GAB.ai users have installed the Dissenter comment extension into their browsers and have resumed their rightful duty of expressing their honest opinion about not wanting to see the upcoming theatrical release of Captain Marvel over on the Rotten Tomatoes page.

If you’re unsure about what Dissenter is, it’s a free to use extension that you can easily hook into your browser by downloading the extension from over on the Dissenter website.

As showcased in the video by Vee, users have been pelting the Captain Marvel Rotten Tomatoes page with negative comments, picking up where they left off before Rotten Tomatoes removed the ability to leave comments on movies that haven’t been released yet.

This comes after Rotten Tomatoes removed the negative ratings system, which many believed was in response to all the negative feedback that the movie was receiving after Brie Larson, the lead actress, made denigrating remarks about white males.

The controversy and the censorship was covered in full by YouTube outlet Nerdrotic.

Before the negative ratings were removed, the film had averaged around a 31% anticipation rating, but had reportedly hovered as low as 28%. Most people assumed that Rotten Tomatoes were acting on behalf of Disney in order to protect the branding image of Captain Marvel, and reduce the marketing stigma that the film was not as hotly anticipated as the media have made it out to be.

In an article published on February 26th, 2019 over on CNET , president of Fandango, Paul Yanover, told the outlet that the Rotten Tomatoes subsidiary was not censoring negative feedback to protect Captain Marvel

“(The changes) are not simply a reaction to, ‘Oh, gee, there’s some noise created around (certain movies),”

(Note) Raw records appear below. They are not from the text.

(* Let $\lambda=(\lambda_1,\dots,\lambda_r)$ be a partition of $n\ge1$. The Sprague–Grundy value $\mathbb{SG}(\mathcal{L}(\lambda))$ can be computed in $O(\log r)\le O(\log n)$ time units.
   Context: A partition of $n$ is a non-increasing sequence $\lambda_1\ge\dots\ge\lambda_r>0$ of integers with sum $n$, given as input as the list $(\lambda_1,\dots,\lambda_r)$ with random access to its entries; $()$ is the empty partition. For non-negative $i,j$, $\lambda[i,j]$ is $(\lambda_{i+1}-j,\dots,\lambda_r-j)$ with all non-positive entries removed. LCTR: positions $\mathcal{L}(\mu)$; if $\mu\neq()$ the two moves go to $\mathcal{L}(\mu[1,0])$ and $\mathcal{L}(\mu[0,1])$; $\mathcal{L}(())$ is terminal. Normal play; $\mathbb{SG}(A)=\operatorname{mex}\{\mathbb{SG}(B):A\to B\}$. A time unit is any of: reading one integer (entry) of the input, one basic arithmetic operation on integers (addition, subtraction, multiplication or division by 2, parity, comparison), or computing the mex of a set of at most two integers from $\{0,1,2\}$. *)

From mathcomp Require Import all_boot all_order all_algebra.
Set Implicit Arguments. Unset Strict Implicit. Unset Printing Implicit Defensive.
Import Order.TTheory GRing.Theory Num.Theory.

Definition is_partition (n : nat) (lam : seq nat) : bool :=
  [&& sorted geq lam, all (fun x => 0 < x) lam & sumn lam == n].

(* lam[i,j] = (lam_{i+1}-j, ..., lam_r-j) with non-positive entries removed *)
Definition pshift (lam : seq nat) (i j : nat) : seq nat :=
  [seq (x - j)%N | x <- drop i lam & (j < x)%N].

Definition mex (s : seq nat) : nat :=
  find (fun k => k \notin s) (iota 0 (size s).+1).

(* Sprague-Grundy value with fuel; each move strictly decreases the sum of
   the partition, so fuel = sumn mu suffices. *)
Fixpoint sg_fuel (fuel : nat) (mu : seq nat) : nat :=
  match fuel with
  | 0 => 0
  | f.+1 => if mu is [::] then 0
            else mex [:: sg_fuel f (pshift mu 1 0); sg_fuel f (pshift mu 0 1)]
  end.

Definition SG_LCTR (mu : seq nat) : nat := sg_fuel (sumn mu) mu.

(* Registers hold integers.  Every executed instruction costs one time unit. *)
Inductive instr : Type :=
| ILen  (d : nat)
| IRead (d s : nat)          (* reg d := lam_{reg s} (1-indexed), 0 if out of range *)
| IConst (d : nat) (c : int)
| IAdd (d a b : nat)
| ISub (d a b : nat)
| IMul (d a b : nat)
| IHalf (d a : nat)
| IPar (d a : nat)
| IMex (d a b : nat)
| IJlt (a b l : nat)
| IJmp (l : nat)
| IHalt (s : nat).

Definition program := seq instr.

Inductive config : Type :=
| Run (pc : nat) (regs : nat -> int)
| Done (v : int).

Definition upd (R : nat -> int) (d : nat) (v : int) : nat -> int :=
  fun k => if k == d then v else R k.

Definition read_entry (lam : seq nat) (i : int) : int :=
  if (1 <= i)%R && (i <= Posz (size lam))%R then Posz (nth 0%N lam (absz (i - 1)))
  else 0%R.

Definition mexz (a b : int) : int :=
  Posz (mex [seq absz x | x <- [:: a; b] & (0 <= x)%R]).

Definition step (P : program) (lam : seq nat) (c : config) : config :=
  match c with
  | Done v => Done v
  | Run pc R =>
    if (pc < size P)%N then
      match nth (IHalt 0) P pc with
      | ILen d => Run pc.+1 (upd R d (Posz (size lam)))
      | IRead d s => Run pc.+1 (upd R d (read_entry lam (R s)))
      | IConst d c => Run pc.+1 (upd R d c)
      | IAdd d a b => Run pc.+1 (upd R d (R a + R b)%R)
      | ISub d a b => Run pc.+1 (upd R d (R a - R b)%R)
      | IMul d a b => Run pc.+1 (upd R d (R a * R b)%R)
      | IHalf d a => Run pc.+1 (upd R d (R a %/ 2)%Z)
      | IPar d a => Run pc.+1 (upd R d (R a %% 2)%Z)
      | IMex d a b => Run pc.+1 (upd R d (mexz (R a) (R b)))
      | IJlt a b l => if (R a < R b)%R then Run l R else Run pc.+1 R
      | IJmp l => Run l R
      | IHalt s => Done (R s)
      end
    else Run pc R (* invalid program counter: the machine is stuck *)
  end.

Definition init : config := Run 0 (fun _ => 0%R).

Definition halts_in (P : program) (lam : seq nat) (t : nat) (v : int) : Prop :=
  iter t (step P lam) init = Done v /\
  forall t', (t' < t)%N -> exists pc R, iter t' (step P lam) init = Run pc R.

(* The position L(λ) is the Young diagram of λ, and the two moves delete its
   first row or its first column.  Let d be the side of the Durfee square,
   λ_d >= d >= λ_(d+1).  Deleting a row or a column moves the Durfee square by
   at most one step, and SG(L(λ)) is a closed form [sg_formula] in d, the
   parity of λ_d - d or λ'_d - d, the rows λ_(d-2), λ_(d-1), λ_d and the
   columns λ'_(d-2), λ'_(d-1), λ'_d: by induction on |λ|, the formula
   satisfies the mex recursion.  Since λ is sorted, d and each λ'_j are found
   by binary search over the r parts in O(log r) reads, after which a fixed
   decision tree evaluates the formula; as r <= n, this gives a program
   running in O(log r) <= O(log n) steps. *)

From mathcomp Require Import all_boot all_order all_algebra.
From mathcomp Require Import zify.
Import GRing.Theory.

Definition is_part (mu : seq nat) : bool :=
  sorted geq mu && all (fun x => 0 < x) mu.

Definition remove_col (mu : seq nat) : seq nat := [seq x - 1 | x <- mu & 1 < x].

Lemma geq_trans : transitive geq.
Proof. by move=> a b c Hba Hac; exact: leq_trans Hac Hba. Qed.

Lemma sorted_geq_cons {x s} : sorted geq (x :: s) -> all (fun y => y <= x) s.
Proof. exact: order_path_min geq_trans. Qed.

Lemma all_leq_nth {x s} k : all (fun y => y <= x) s -> nth 0 s k <= x.
Proof.
move=> Hall; case: (ltnP k (size s)) => Hk; last by rewrite nth_default.
exact: (allP Hall) _ (mem_nth 0 Hk).
Qed.

Lemma count_geq_out {x j s} :
  all (fun y => y <= x) s -> x < j -> count (fun y => j <= y) s = 0.
Proof. elim: s => //= y s IH /andP[Hy Hs] Hx; rewrite IH //; lia. Qed.

Lemma remove_col_le1 s : all (fun y => y <= 1) s -> remove_col s = [::].
Proof. by elim: s => //= y s IH /andP[Hy Hs]; rewrite /remove_col /= ifF; [exact: IH | lia]. Qed.

Lemma pshift_row mu : is_part mu -> pshift mu 1 0 = behead mu.
Proof.
case/andP=> _ Hpos; rewrite /pshift drop1.
have Hb : all (fun x => 0 < x) (behead mu) by case: mu Hpos => //= x s /andP[].
by rewrite (all_filterP Hb); elim: (behead mu) => //= x s ->; rewrite subn0.
Qed.
Lemma Rbar_series_eventually_zero f N :
  (forall i, (N <= i)%nat -> f i = Finite 0) -> Rbar_series f = Rbar_sum f N.
Proof.
  intros Hf; apply (Rbar_lim_eventually_const _ N).
  intros n Hn; induction Hn as [| n Hn IH]; [reflexivity |].
  simpl; rewrite Hf, Rbar_plus_0_r by lia; exact IH.
Qed.

Fixpoint extend_affine (v : nat -> R) (k : nat) (s : R) (n : nat) : R :=
  match n with
  | O => v O
  | S i => if Nat.leb i k then v (S i) else extend_affine v k s i + s
  end.

Lemma extend_affine_agree v k s n :
  (n <= S k)%nat -> extend_affine v k s n = v n.
Proof.
  destruct n as [| i]; simpl; [reflexivity |].
  intros Hi; replace (Nat.leb i k) with true by (symmetry; apply Nat.leb_le; lia).
  reflexivity.
Qed.

Lemma extend_affine_step v k s i :
  (k < i)%nat -> extend_affine v k s (S i) - extend_affine v k s i = s.
Proof.
  intros Hi; simpl; replace (Nat.leb i k) with false by (symmetry; apply Nat.leb_gt; lia).
  ring.
Qed.

Definition interface_term (J1 J2 : R -> Rbar) (gamma t : R) : Rbar :=
  Rbar_minus
    (Rbar_plus (J2 ((gamma + t) / 2))
       (Rbar_plus (Rbar_scal (1/2) (J1 gamma)) (Rbar_scal (1/2) (J1 t))))
    (J_0 J1 J2 gamma).

Lemma bl_term_interface J1 J2 gamma v i :
  v (S (S i)) - v (S i) = gamma ->
  bl_term J1 J2 gamma v i = interface_term J1 J2 gamma (v (S i) - v i).
Proof.
  intros Hstep; unfold bl_term, interface_term.
  replace ((v (S (S i)) - v i) / 2) with ((gamma + (v (S i) - v i)) / 2) by lra.
  rewrite Hstep; reflexivity.
Qed.

Lemma J_0_le_J_CB J1 J2 z : Rbar_le (J_0 J1 J2 z) (J_CB J1 J2 z).
Proof.
  unfold J_0, J_CB; rewrite (Rbar_plus_comm (J1 z)).
  apply Rbar_plus_le_compat_l; rewrite <- (Rbar_scal_half_diag (J1 z)).
  apply Rbar_scal_le_compat; [lra |].
  apply Rbar_inf_glb; exists z, z; split; [ring | reflexivity].
Qed.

Yanover may claim that the change to Rotten Tomatoes’ pre-release user functionality wasn’t in response to all of the negative feedback aimed at Captain Marvel, but it arrived conveniently after mainstream media started attacking the site for allowing “trolls” to brigade the page and pelt it with negative comments, disinterested impressions, or constructive criticism.

Regardless of the real reasons behind the change, users aren’t letting the Dissenter comment extension go to waste and they’re already pushing back against the Rotten Tomatoes censorship by making their voices heard… again.